Only these lines of the data below are wanted: the one with "comul2 one = mul3 (tens12", the one with "(forall x, Dl", and any lines between them, each repeated exactly.

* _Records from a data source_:
.....

Theorem lemma4p44 (u theta1 phi1 : R) (lam : C) :
  0 <= theta1 <= PI / 2 ->
  is_cosh_sqrt (Cplus lam (RtoC (u ^ 2)))
    (Cmult (RtoC (cos theta1)) (Ccosh (u, phi1))) ->
  Re lam <= 0.
Proof.
  intros Htheta H.
  destruct (C_sqr_root_exists (Cplus lam (RtoC (u ^ 2)))) as [s Hs].
  rewrite Hs in H. apply is_cosh_sqrt_sqr_unique in H.
  assert (Hc : 0 <= cos theta1 <= 1).
  { split; [apply cos_ge_0; pose proof PI_RGT_0; lra | apply COS_bound]. }
  pose proof (Re_sqr_le_of_Ccosh_scaled _ _ _ Hc (eq_sym H)) as Hle.
  apply (f_equal Re) in Hs.
  destruct lam as [l1 l2], s as [a b].
  unfold Cplus, Cmult, RtoC in Hs; cbn [Re Im fst snd] in *.
  nra.
Qed.
(* Let $\mathcal{A}$ be a finite-dimensional $\mathbb{C}^*$-weak Hopf algebra, $\rho:\mathcal{A}\to M_{d_\rho}(\mathbb{C})$ a $*$-representation and $(v_{ij})_{1\le i,j\le d_v}$ a corepresentation with $S(v_{ij})=v_{ji}^*$. Define $P$ on $\mathbb{C}^{d_v}\otimes\mathbb{C}^{d_\rho}$ and $Q$ on $\mathbb{C}^{d_\rho}\otimes\mathbb{C}^{d_v}$ by $\langle i,a|P|j,b\rangle=\sum\epsilon(1_{(1)}v_{ij})\rho_{ab}(1_{(2)})$ and $\langle a,i|Q|b,j\rangle=\sum\rho_{ab}(1_{(1)})\epsilon(v_{ij}1_{(2)})$, where $\Delta(1)=\sum1_{(1)}\otimes1_{(2)}$. Then on $\mathbb{C}^{d_v}\otimes\mathbb{C}^{d_\rho}\otimes\mathbb{C}^{d_v}$ one has $(P\otimes\mathbb{1})(\mathbb{1}\otimes Q)=(\mathbb{1}\otimes Q)(P\otimes\mathbb{1})$, and on $\mathbb{C}^{d_\rho}\otimes\mathbb{C}^{d_v}\otimes\mathbb{C}^{d_\rho}$ one has $(Q\otimes\mathbb{1})(\mathbb{1}\otimes P)=(\mathbb{1}\otimes P)(Q\otimes\mathbb{1})$.
   Context: A weak bialgebra is a finite-dimensional unital associative algebra and coassociative counital coalgebra with $\Delta(xy)=\Delta(x)\Delta(y)$, $\Delta^{(2)}(1)=(1\otimes\Delta(1))(\Delta(1)\otimes1)=(\Delta(1)\otimes1)(1\otimes\Delta(1))$ and $\epsilon(xyz)=\sum\epsilon(xy_{(1)})\epsilon(y_{(2)}z)=\sum\epsilon(xy_{(2)})\epsilon(y_{(1)}z)$. With $\epsilon_s(x)=\sum1_{(1)}\epsilon(x1_{(2)})$, $\epsilon_t(x)=\sum\epsilon(1_{(1)}x)1_{(2)}$, a weak Hopf algebra has a linear $S$ with $\sum S(x_{(1)})x_{(2)}=\epsilon_s(x)$, $\sum x_{(1)}S(x_{(2)})=\epsilon_t(x)$, $\sum S(x_{(1)})x_{(2)}S(x_{(3)})=S(x)$. A $\mathbb{C}^*$-weak Hopf algebra has an antilinear involution $*$ with $(xy)^*=y^*x^*$, $\Delta(x^* )=\Delta(x)^*$, and a faithful $*$-representation. A $*$-representation satisfies $\rho(x^* )=\rho(x)^\dagger$; a corepresentation satisfies $\Delta(v_{ij})=\sum_kv_{ik}\otimes v_{kj}$, $\epsilon(v_{ij})=\delta_{ij}$. *)

From HB Require Import structures.
From mathcomp Require Import all_boot all_order all_algebra.
From mathcomp Require Import reals complex.
Set Implicit Arguments. Unset Strict Implicit. Unset Printing Implicit Defensive.
Import Order.TTheory GRing.Theory Num.Theory.
Local Open Scope ring_scope.

(* A finite-dimensional algebra A of dimension n is identified with 'rV[C]_n
   via a fixed basis e_0..e_{n-1}; A (x) A with 'M[C]_(n,n) (e_j (x) e_k is
   delta_mx j k) and A (x) A (x) A with {ffun 'I_n * 'I_n * 'I_n -> C}. *)

Section WHA.
Variables (R : realType) (n : nat).
Local Notation C := (R[i]).
Local Notation A := 'rV[C]_n.
Local Notation A2 := 'M[C]_(n, n).
Local Notation A3 := {ffun 'I_n * 'I_n * 'I_n -> C}.

Definition bvec (j : 'I_n) : A := delta_mx 0 j.

Definition tens2 (a b : A) : A2 := \matrix_(p, q) (a 0 p * b 0 q).
Definition tens3 (a b c : A) : A3 := [ffun t => a 0 t.1.1 * b 0 t.1.2 * c 0 t.2].
Definition tens21 (X : A2) (c : A) : A3 := [ffun t => X t.1.1 t.1.2 * c 0 t.2].
Definition tens12 (a : A) (X : A2) : A3 := [ffun t => a 0 t.1.1 * X t.1.2 t.2].

Record WHAdata := {
  wmul : A -> A -> A;
  wone : A;
  wcomul : A -> A2;
  weps : A -> C;
  wS : A -> A;
  wstar : A -> A
}.

Variable W : WHAdata.
Local Notation mul := (wmul W).
Local Notation one := (wone W).
Local Notation Dl := (wcomul W).
Local Notation eps := (weps W).
Local Notation S := (wS W).
Local Notation star := (wstar W).

Definition mul2 (X Y : A2) : A2 :=
  \sum_(j < n) \sum_(k < n) \sum_(l < n) \sum_(m < n)
    (X j k * Y l m) *: tens2 (mul (bvec j) (bvec l)) (mul (bvec k) (bvec m)).
Definition mul3 (T U : A3) : A3 :=
  \sum_(s : 'I_n * 'I_n * 'I_n) \sum_(u : 'I_n * 'I_n * 'I_n)
    (T s * U u) *: tens3 (mul (bvec s.1.1) (bvec u.1.1))
                         (mul (bvec s.1.2) (bvec u.1.2))
                         (mul (bvec s.2) (bvec u.2)).
Definition comulL (X : A2) : A3 :=
  \sum_(j < n) \sum_(k < n) X j k *: tens21 (Dl (bvec j)) (bvec k).
Definition comulR (X : A2) : A3 :=
  \sum_(j < n) \sum_(k < n) X j k *: tens12 (bvec j) (Dl (bvec k)).
Definition comul2 (x : A) : A3 := comulL (Dl x).

(* sums x_(1) (x) x_(2) are expanded over the basis: Delta x = sum X j k e_j(x)e_k *)
Definition eps_s (x : A) : A :=
  \sum_(j < n) \sum_(k < n) (Dl one j k * eps (mul x (bvec k))) *: bvec j.
Definition eps_t (x : A) : A :=
  \sum_(j < n) \sum_(k < n) (Dl one j k * eps (mul (bvec j) x)) *: bvec k.

Definition star2 (X : A2) : A2 :=
  \sum_(j < n) \sum_(k < n) (X j k)^* *: tens2 (star (bvec j)) (star (bvec k)).

Definition is_algebra : Prop :=
  [/\ (forall x y z, mul (mul x y) z = mul x (mul y z)),
      (forall x, mul one x = x /\ mul x one = x),
      (forall a x y z, mul (a *: x + y) z = a *: mul x z + mul y z) &
      (forall a x y z, mul z (a *: x + y) = a *: mul z x + mul z y)].

Definition is_coalgebra : Prop :=
  [/\ linear Dl, linear eps,
      (forall x, comulL (Dl x) = comulR (Dl x)) &
      (forall x, \row_(k < n) (\sum_(j < n) eps (bvec j) * Dl x j k) = x
                 /\ \row_(j < n) (\sum_(k < n) Dl x j k * eps (bvec k)) = x)].

Definition is_weak_bialgebra : Prop :=
  [/\ is_algebra /\ is_coalgebra,
      (forall x y, Dl (mul x y) = mul2 (Dl x) (Dl y)),
      comul2 one = mul3 (tens12 one (Dl one)) (tens21 (Dl one) one),
      comul2 one = mul3 (tens21 (Dl one) one) (tens12 one (Dl one)) &
      (forall x y z,
         eps (mul (mul x y) z)
           = \sum_(j < n) \sum_(k < n) Dl y j k * eps (mul x (bvec j)) * eps (mul (bvec k) z)
         /\ eps (mul (mul x y) z)
           = \sum_(j < n) \sum_(k < n) Dl y j k * eps (mul x (bvec k)) * eps (mul (bvec j) z))].

Definition is_weak_Hopf : Prop :=
  [/\ is_weak_bialgebra, linear S,
      (forall x, \sum_(j < n) \sum_(k < n) Dl x j k *: mul (S (bvec j)) (bvec k) = eps_s x),
      (forall x, \sum_(j < n) \sum_(k < n) Dl x j k *: mul (bvec j) (S (bvec k)) = eps_t x) &
      (forall x, \sum_(t : 'I_n * 'I_n * 'I_n)
                   comul2 x t *: mul (mul (S (bvec t.1.1)) (bvec t.1.2)) (S (bvec t.2)) = S x)].

Definition adjmx d (M : 'M[C]_d) : 'M[C]_d := (map_mx (fun z => z^*) M)^T.

Definition is_star_rep d (rho : A -> 'M[C]_d) : Prop :=
  [/\ linear rho,
      (forall x y, rho (mul x y) = rho x *m rho y) &
      (forall x, rho (star x) = adjmx (rho x))].

Definition is_Cstar_WHA : Prop :=
  [/\ is_weak_Hopf /\ (forall a x y, star (a *: x + y) = a^* *: star x + star y),
      (forall x, star (star x) = x),
      (forall x y, star (mul x y) = mul (star y) (star x)),
      (forall x, Dl (star x) = star2 (Dl x)) &
      exists d (rho : A -> 'M[C]_d), is_star_rep rho /\ injective rho].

.....

* _Answer area_:
      comul2 one = mul3 (tens12 one (Dl one)) (tens21 (Dl one) one),
      comul2 one = mul3 (tens21 (Dl one) one) (tens12 one (Dl one)) &
      (forall x y z,
         eps (mul (mul x y) z)
           = \sum_(j < n) \sum_(k < n) Dl y j k * eps (mul x (bvec j)) * eps (mul (bvec k) z)
         /\ eps (mul (mul x y) z)
           = \sum_(j < n) \sum_(k < n) Dl y j k * eps (mul x (bvec k)) * eps (mul (bvec j) z))].

Definition is_weak_Hopf : Prop :=
  [/\ is_weak_bialgebra, linear S,
      (forall x, \sum_(j < n) \sum_(k < n) Dl x j k *: mul (S (bvec j)) (bvec k) = eps_s x),
      (forall x, \sum_(j < n) \sum_(k < n) Dl x j k *: mul (bvec j) (S (bvec k)) = eps_t x) &
      (forall x, \sum_(t : 'I_n * 'I_n * 'I_n)
                   comul2 x t *: mul (mul (S (bvec t.1.1)) (bvec t.1.2)) (S (bvec t.2)) = S x)].

Definition adjmx d (M : 'M[C]_d) : 'M[C]_d := (map_mx (fun z => z^*) M)^T.

Definition is_star_rep d (rho : A -> 'M[C]_d) : Prop :=
  [/\ linear rho,
      (forall x y, rho (mul x y) = rho x *m rho y) &
      (forall x, rho (star x) = adjmx (rho x))].

Definition is_Cstar_WHA : Prop :=
  [/\ is_weak_Hopf /\ (forall a x y, star (a *: x + y) = a^* *: star x + star y),
      (forall x, star (star x) = x),
      (forall x y, star (mul x y) = mul (star y) (star x)),
      (forall x, Dl (star x) = star2 (Dl x)) &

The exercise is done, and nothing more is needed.